# 2001 Pathfinder - Catalytic Converters



## DFleming32 (Dec 5, 2007)

I just had my 2001 Pathy SE (100k miles) in to the dealer to check the SES light (due to upcoming inspection). Was told that both front catalytic converters need to be replaced to the tune of about $2500. I've had the SES problems before with the O2 sensors. My question is has anybody had this repair done and is it worth it on a truck 7 years old? Also, they want to reprogram the ecm after the repair.... is it possible to have the repair done elsewhere, then take it back to the dealer for the reprogram? Thanks.


----------



## blitZ (Oct 7, 2004)

You can buy after market converters online and have your local muffler shop install them for a fraction of that price. To reset your ECU, just disconnect your battery overnight.
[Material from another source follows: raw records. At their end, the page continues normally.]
(* Let $G$ be a graph, $h\geq 3$ a constant, $\Lambda>0$, and let $Y>0$ be any value (possibly depending on $n,h,\Lambda$). Fix a vertex $v$ with $t_G(v)\leq \Lambda/Y$ and a vector $P\in\mathsf{Product}_h(\Lambda)$. Then $v[P]\leq \frac{q}{Y}$, where $q=\frac{h!}{h^h}$.
   Context: An $h$-cycle is a cycle on $h$ distinct vertices; $t_G(v)$ is the number of $h$-cycles of $G$ containing $v$. Logarithms are base 2. $\mathsf{Product}_h(\Lambda)$ is the set of vectors $(p_1,\dots,p_h)\in[0,1]^h$ such that each $p_i\in\{2^{-j}: j \text{ an integer}, 0\leq j\leq \log(\Lambda)+1\}$ and $\prod_{i=1}^h p_i\leq 1/\Lambda$. For $P=(p_1,\dots,p_h)$, the $P$-discovery experiment is: sample a uniformly random coloring $\varphi:V(G)\to[h]$, keep each vertex of color class $i$ independently with probability $p_i$, and let $F$ be the induced subgraph on kept vertices; $v$ is $P$-discovered if $v$ lies on an $h$-cycle of $F$ whose vertices receive $h$ distinct colors. $v[P]$ is the probability that $v$ is $P$-discovered. *)

From HB Require Import structures.
From mathcomp Require Import all_boot all_order all_algebra.
From mathcomp Require Import reals exp.
Set Implicit Arguments. Unset Strict Implicit. Unset Printing Implicit Defensive.
Import Order.TTheory GRing.Theory Num.Theory.
Local Open Scope ring_scope.

Section Defs.
Variables (V : finType) (G : rel V) (h : nat).

Definition simple_graph := symmetric G /\ irreflexive G.

Definition hcycles : {set {set {set V}}} :=
  [set E : {set {set V}} | [exists f : {ffun 'I_h -> V},
      [&& injectiveb f, [forall i, G (f i) (f (ordS i))]
        & E == [set [set f i; f (ordS i)] | i : 'I_h]]]].

Definition tG (v : V) : nat :=
  #|[set E in hcycles | v \in \bigcup_(e in E) e]|.

(* v is P-discovered for coloring phi and kept vertex set S:
   v lies on an h-cycle of F = G[S] whose vertices get h distinct colors *)
Definition discovered (v : V) (phi : {ffun V -> 'I_h}) (S : {set V}) : bool :=
  [exists f : {ffun 'I_h -> V},
     [&& injectiveb f, v \in codom f, [forall i, f i \in S],
         [forall i, G (f i) (f (ordS i))]
       & injectiveb [ffun i => phi (f i)]]].

Variable R : realType.

Definition log2 (x : R) : R := ln x / ln 2.

Definition Product (Lambda : R) (P : {ffun 'I_h -> R}) : Prop :=
  (forall i, exists j : nat,
      P i = (2%:R ^+ j)^-1 /\ (j%:R <= log2 Lambda + 1)) /\
  \prod_(i < h) P i <= 1 / Lambda.

Definition discovery_prob (P : {ffun 'I_h -> R}) (v : V) : R :=
  \sum_(phi : {ffun V -> 'I_h}) \sum_(S : {set V})
    ((h ^ #|V|)%:R)^-1 *
    ((\prod_(x in S) P (phi x)) * (\prod_(x in ~: S) (1 - P (phi x)))) *
    (discovered v phi S)%:R.

End Defs.

From HB Require Import structures.
From mathcomp Require Import all_boot all_order all_algebra.
From mathcomp Require Import reals exp.
From mathcomp Require Import ring.
Import Order.TTheory GRing.Theory Num.Theory.
Set Implicit Arguments. Unset Strict Implicit. Unset Printing Implicit Defensive.
Local Open Scope ring_scope.

(* If v is discovered, then some h-cycle through v has all its vertices kept
   and colored with h distinct colors. For a fixed cycle, the coloring is
   injective on its vertices with probability h!/h^h, and then the cycle
   carries each color exactly once, so it is kept with probability
   p_1 ... p_h <= 1/Lambda. The union bound over the t_G(v) <= Lambda/Y
   cycles through v gives v[P] <= (Lambda/Y) (h!/h^h) (1/Lambda). *)

Lemma sum_supsets_prod_weight (R : comPzRingType) (T : finType) (a : T -> R)
    (W : {set T}) :
  \sum_(S : {set T}) (\prod_(x in S) a x * \prod_(x in ~: S) (1 - a x)) * (W \subset S)%:R
  = \prod_(x in W) a x.
Proof.
have -> : \prod_(x in W) a x = \prod_x (a x + (if x \in W then 0 else 1 - a x)).
  rewrite big_mkcond; apply: eq_bigr => x _.
  by case: ifP => _; rewrite ?addr0 // addrC subrK.
rewrite bigA_distr; apply: eq_bigr => S _.
have [WS | /subsetPn[x xW xS]] := boolP (W \subset S); last first.
  by rewrite mulr0 (bigD1 x) //= (negbTE xS) xW mul0r.
rewrite mulr1 [RHS](bigID (mem S)) /=; congr (_ * _).
  by apply: eq_bigr => x ->.
apply: eq_big => [x | x]; first by rewrite inE.
by rewrite inE => /negbTE xS; rewrite xS; case: ifP => // /(subsetP WS); rewrite xS.
Qed.

Section FfunRestriction.
Variables (I J V : finType) (f : I -> V).
Hypothesis inj_f : injective f.

Lemma card_ffun_extensions (u : {ffun I -> J}) :
  #|[set phi : {ffun V -> J} | [ffun i => phi (f i)] == u]| = (#|J| ^ (#|V| - #|I|))%N.
Proof.
pose A x : {set J} := [set j | [forall i, (f i == x) ==> (j == u i)]].
have -> : [set phi : {ffun V -> J} | [ffun i => phi (f i)] == u] = setXn A.
  apply/setP => phi; rewrite !inE; apply/eqP/forallP => [phiu x | phiA].
    rewrite inE; apply/forallP => i; apply/implyP => /eqP <-.
    by rewrite -phiu ffunE.
  apply/ffunP => i; rewrite ffunE; have := phiA (f i).
  by rewrite inE => /forallP/(_ i); rewrite eqxx => /eqP.
rewrite cardsXn (bigID (mem (codom f))) /= big1 => [|_ /codomP[i ->]]; last first.
  apply/eqP/cards1P; exists (u i); apply/setP => j; rewrite !inE.
  apply/forallP/eqP => [/(_ i)/implyP/(_ (eqxx _))/eqP // | -> k].
  by apply/implyP => /eqP/inj_f ->.
rewrite mul1n (eq_bigr (fun=> #|J|)) => [|x fx]; last first.
  rewrite -cardsT; apply: eq_card => j; rewrite !inE.
  by apply/forallP => i; apply/implyP => /eqP fi; rewrite -fi codom_f in fx.
rewrite prod_nat_const -(cardC (mem (codom f))) (card_codom inj_f) addKn.
by congr (expn _ _); apply: eq_card.
Qed.

Lemma sum_ffun_comp (M : nmodType) (K : {ffun I -> J} -> M) :
  \sum_(phi : {ffun V -> J}) K [ffun i => phi (f i)]
  = (\sum_u K u) *+ (#|J| ^ (#|V| - #|I|)).
Proof.
rewrite (partition_big (fun phi : {ffun V -> J} => [ffun i => phi (f i)]) predT) //=.
rewrite -sumrMnl; apply: eq_bigr => u _.
rewrite (eq_bigr (fun=> K u)) => [|phi /eqP-> //].
by rewrite sumr_const -(card_ffun_extensions u) cardsE.
Qed.

End FfunRestriction.

Lemma sum_injective_prod (R : comPzSemiRingType) (I : finType) (a : I -> R) :
  \sum_(u : {ffun I -> I} | injectiveb u) \prod_i a (u i) = (\prod_i a i) *+ #|I|`!.
Proof.
rewrite [LHS](eq_bigr (fun=> \prod_i a i)) => [|u /injectiveP inj_u]; last first.
  exact/esym/reindex_inj.
by rewrite sumr_const -ffactnn -card_inj_ffuns cardsE.
Qed.

Lemma cover_imset_edges (I T : finType) (f : I -> T) (s : I -> I) :
  cover [set [set f i; f (s i)] | i : I] = f @: setT.
Proof.
rewrite cover_imset; apply/setP => x; apply/bigcupP/imsetP => [[i _] | [i _ ->]].
  by case/set2P=> ->; [exists i | exists (s i)].
by exists i; rewrite ?set21.
Qed.

Lemma imsetT_subset (I T : finType) (f : I -> T) (S : {set T}) :
  (f @: setT \subset S) = [forall i, f i \in S].
Proof.
apply/subsetP/forallP => [fS i | fS _ /imsetP[i _ ->] //].
by apply: fS; rewrite imset_f.
Qed.

Lemma dinjectiveb_imsetT (I T U : finType) (f : I -> T) (g : T -> U) :
  injective f -> dinjectiveb g (f @: setT) = injectiveb [ffun i => g (f i)].
Proof.
move=> inj_f; apply/dinjectiveP/injectiveP => [g_inj i j | gf_inj].
  by rewrite !ffunE => /g_inj; rewrite !imset_f // => /(_ isT isT)/inj_f.
move=> _ _ /imsetP[i _ ->] /imsetP[j _ ->].
by have := gf_inj i j; rewrite !ffunE => gfij /gfij ->.
Qed.

Section CycleDiscovery.
Variables (R : realType) (V : finType) (G : rel V) (h : nat).

Lemma hcycle_cover E : E \in hcycles G h ->
  exists2 f : 'I_h -> V, injective f & cover E = f @: setT.
Proof.
rewrite inE => /existsP[f /and3P[/injectiveP inj_f _ /eqP->]].
by exists f; rewrite ?cover_imset_edges.
Qed.

Definition colorful_kept (phi : {ffun V -> 'I_h}) (S W : {set V}) :=
  (W \subset S) && dinjectiveb phi W.

Lemma discovered_colorful_kept v phi S : discovered G v phi S ->
  exists2 E, E \in [set E in hcycles G h | v \in cover E] & colorful_kept phi S (cover E).
Proof.
case/existsP=> f /and5P[inj_f /codomP[i ->] fS f_cyc phif_inj].
have cover_f := cover_imset_edges f (@ordS h).
exists [set [set f j; f (ordS j)] | j : 'I_h].
  rewrite !inE cover_f imset_f // andbT; apply/existsP; exists f.
  by rewrite inj_f f_cyc eqxx.
rewrite cover_f /colorful_kept imsetT_subset dinjectiveb_imsetT ?fS //.
exact/injectiveP.
Qed.

Variable P : {ffun 'I_h -> R}.
Hypothesis P01 : forall i, 0 <= P i <= 1.

Definition outcome_prob (phi : {ffun V -> 'I_h}) (S : {set V}) : R :=
  ((h ^ #|V|)%:R)^-1 * (\prod_(x in S) P (phi x) * \prod_(x in ~: S) (1 - P (phi x))).

Lemma outcome_prob_ge0 phi S : 0 <= outcome_prob phi S.
Proof.
rewrite mulr_ge0 ?invr_ge0 ?ler0n ?mulr_ge0 ?prodr_ge0 // => x _;
  by have /andP[P0 P1] := P01 (phi x); rewrite ?subr_ge0.
Qed.

Lemma colorful_kept_prob_given_coloring phi (f : 'I_h -> V) : injective f ->
  \sum_S outcome_prob phi S * (colorful_kept phi S (f @: setT))%:R
  = ((h ^ #|V|)%:R)^-1 *
    ((injectiveb [ffun i => phi (f i)])%:R * \prod_i P (phi (f i))).
Proof.
move=> inj_f; set W := f @: setT.
transitivity (((h ^ #|V|)%:R)^-1 * (dinjectiveb phi W)%:R * \sum_(S : {set V})
    (\prod_(x in S) P (phi x) * \prod_(x in ~: S) (1 - P (phi x))) * (W \subset S)%:R).
  rewrite mulr_sumr; apply: eq_bigr => S _.
  by rewrite /colorful_kept /outcome_prob -mulnb natrM; ring.
rewrite sum_supsets_prod_weight big_imset => [|i j _ _ /inj_f //].
rewrite dinjectiveb_imsetT // -mulrA; congr (_ * (_ * _)).
by apply: eq_bigl => i; rewrite inE.
Qed.

Lemma colorful_kept_prob (f : 'I_h -> V) : injective f -> (0 < h)%N ->
  \sum_phi \sum_S outcome_prob phi S * (colorful_kept phi S (f @: setT))%:R
  = (h`!)%:R / (h ^ h)%:R * \prod_i P i.
Proof.
move=> inj_f h_gt0.
pose K (u : {ffun 'I_h -> 'I_h}) := (injectiveb u)%:R * \prod_i P (u i).
transitivity (((h ^ #|V|)%:R)^-1 * \sum_(phi : {ffun V -> 'I_h}) K [ffun i => phi (f i)]).
  rewrite mulr_sumr; apply: eq_bigr => phi _.
  rewrite colorful_kept_prob_given_coloring //; congr (_ * (_ * _)).
  by apply: eq_bigr => i _; rewrite ffunE.
rewrite (sum_ffun_comp inj_f K).
have -> : \sum_u K u = \sum_(u : {ffun 'I_h -> 'I_h} | injectiveb u) \prod_i P (u i).
  by rewrite [RHS]big_mkcond; apply: eq_bigr => u _; rewrite /K; case: injectiveb;
    rewrite ?mul1r ?mul0r.
have h_le_V : (h <= #|V|)%N by rewrite -[h in (h <= _)%N]card_ord; exact: leq_card inj_f.
have -> : (h ^ #|V| = h ^ (#|V| - h) * h ^ h)%N by rewrite -expnD subnK.
rewrite sum_injective_prod !card_ord -mulrnA -[\prod_i P i *+ _]mulr_natr !natrM.
by field; rewrite !pnatr_eq0 -!lt0n !expn_gt0 h_gt0.
Qed.

Lemma discovery_prob_le_sum_cycles v :
  discovery_prob G P v <= \sum_(E in [set E in hcycles G h | v \in cover E])
    \sum_phi \sum_S outcome_prob phi S * (colorful_kept phi S (cover E))%:R.
Proof.
rewrite exchange_big; apply: ler_sum => phi _.
rewrite exchange_big; apply: ler_sum => S _.
rewrite -mulr_sumr ler_wpM2l ?outcome_prob_ge0 //.
have [/discovered_colorful_kept[E E_cyc E_kept] | _] := boolP (discovered G v phi S).
  by rewrite (bigD1 E) //= E_kept lerDl sumr_ge0.
by rewrite sumr_ge0.
Qed.

End CycleDiscovery.

Lemma Product_ge0_le1 (R : realType) h (Lambda : R) (P : {ffun 'I_h -> R}) :
  Product Lambda P -> forall i, 0 <= P i <= 1.
Proof.
move=> [P_pow _] i; have [j [-> _]] := P_pow i.
by rewrite invr_ge0 exprn_ge0 ?invf_le1 ?exprn_gt0 ?exprn_ege1 ?ler1n.
Qed.

Theorem proposition3 (R : realType) (V : finType) (G : rel V) (h : nat)
  (Lambda Y : R) (v : V) (P : {ffun 'I_h -> R}) :
  simple_graph G -> (3 <= h)%N -> 0 < Lambda -> 0 < Y ->
  (tG G h v)%:R <= Lambda / Y ->
  Product Lambda P ->
  discovery_prob G P v <= (h`!)%:R / (h ^ h)%:R / Y.
Proof.
move=> _ h_ge3 Lambda_gt0 Y_gt0 tGv P_Product.
have P01 := Product_ge0_le1 P_Product.
have [_ P_prod] := P_Product.
set q : R := (h`!)%:R / (h ^ h)%:R.
apply: le_trans (discovery_prob_le_sum_cycles G P01 v) _.
rewrite (eq_bigr (fun=> q * \prod_i P i)) => [|E]; last first.
  rewrite inE => /andP[/hcycle_cover[f inj_f ->] _].
  by apply: colorful_kept_prob => //; apply: leq_trans _ h_ge3.
rewrite sumr_const -[q * _ *+ _]mulr_natr -mulrA ler_wpM2l ?divr_ge0 ?ler0n //.
apply: le_trans (ler_pM _ _ P_prod tGv) _; rewrite ?ler0n //.
  by apply: prodr_ge0 => i _; case/andP: (P01 i).
by rewrite mul1r mulrA mulVf ?mul1r ?gt_eqF.
Qed.
Lemma least_wo_with (A : Type) (RA : A -> A -> Prop) :
  strict_wellorder RA -> P RA ->
  exists (B : Type) (RB : B -> B -> Prop), [/\ strict_wellorder RB, P RB &
    forall (C : Type) (RC : C -> C -> Prop),
      strict_wellorder RC -> P RC -> ord_le RB RC].
Proof.
move=> wA PA; have wT := with_top_wo wA.
have [d [Pd dmin]] : exists d, P (initial_seg (with_top RA) d) /\
    forall d', P (initial_seg (with_top RA) d') -> ~ with_top RA d' d.
  by apply: (swo_min wT); exists None; apply: P_iso wA (with_top_iso RA) PA.
exists {w | with_top RA w d}, (initial_seg (with_top RA) d).
split; [exact: initial_seg_wo|exact: Pd|].
move=> C RC wC PC; case: (ord_le_or_lt (initial_seg_wo d wT) wC) => // lt.
have [m Cm] := ord_lt_iso_seg wC (initial_seg_wo d wT) lt.
exfalso; apply: (dmin (sval m) _ (svalP m)).
exact: P_iso wC (ord_iso_trans Cm (initial_seg_nested m wT)) PC.
Qed.

End LeastWellOrder.

(** * Hartogs numbers and the existence of the depth *)

Definition injects (A B : Type) := exists f : A -> B, injective f.

Lemma cantor (X : Type) : ~ injects (X -> Prop) X.
Proof.
case=> f finj; pose D x := exists A, f A = x /\ ~ A x.
have DfD : ~ D (f D).
  by case=> A [fAD]; rewrite (finj _ _ fAD) => nDfD; apply: (nDfD); exists D.
by apply: (DfD); exists D.
Qed.

Lemma injects_ord_lt (X A B : Type) (RA : A -> A -> Prop) (RB : B -> B -> Prop) :
  strict_wellorder RA -> strict_wellorder RB ->
  injects A X -> ~ injects B X -> ord_lt RA RB.
Proof.
move=> wA wB [j jinj] B_noinj; case: (ord_le_or_lt wB wA) => [[e [mono _]]|//].
exfalso; apply: B_noinj; exists (j \o e) => x y /jinj.
exact: (swo_mono_inj wB (swo_irr wA) mono).
Qed.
That's why they call it the $tealership.


----------



## DFleming32 (Dec 5, 2007)

Got the stealing part right.... I was told that there were no aftermarket cats available. However, in talking with another non-dealership mechanic and he said that they haven't had much luck with the aftermarket b/c the ses light would come back on. Is he full of it too? Also, I was told I needed a reprogram of the ecu (revision upgrade) to get the timing, etc calibrated... not just a reset. Is that necessary? Thanks for the advice.


----------



## blitZ (Oct 7, 2004)

The last time I was at my local Nissan dealer buying sensors, I asked if there is a ecu upgrade for our 01 and was told no. As long as you replace your converter and reset the ecu by disconnecting the battery, there is no reason the light would come back on, unless the mechanic did something wrong. The converter is a part which wears out over time, like tires and shocks. You replace them and move on.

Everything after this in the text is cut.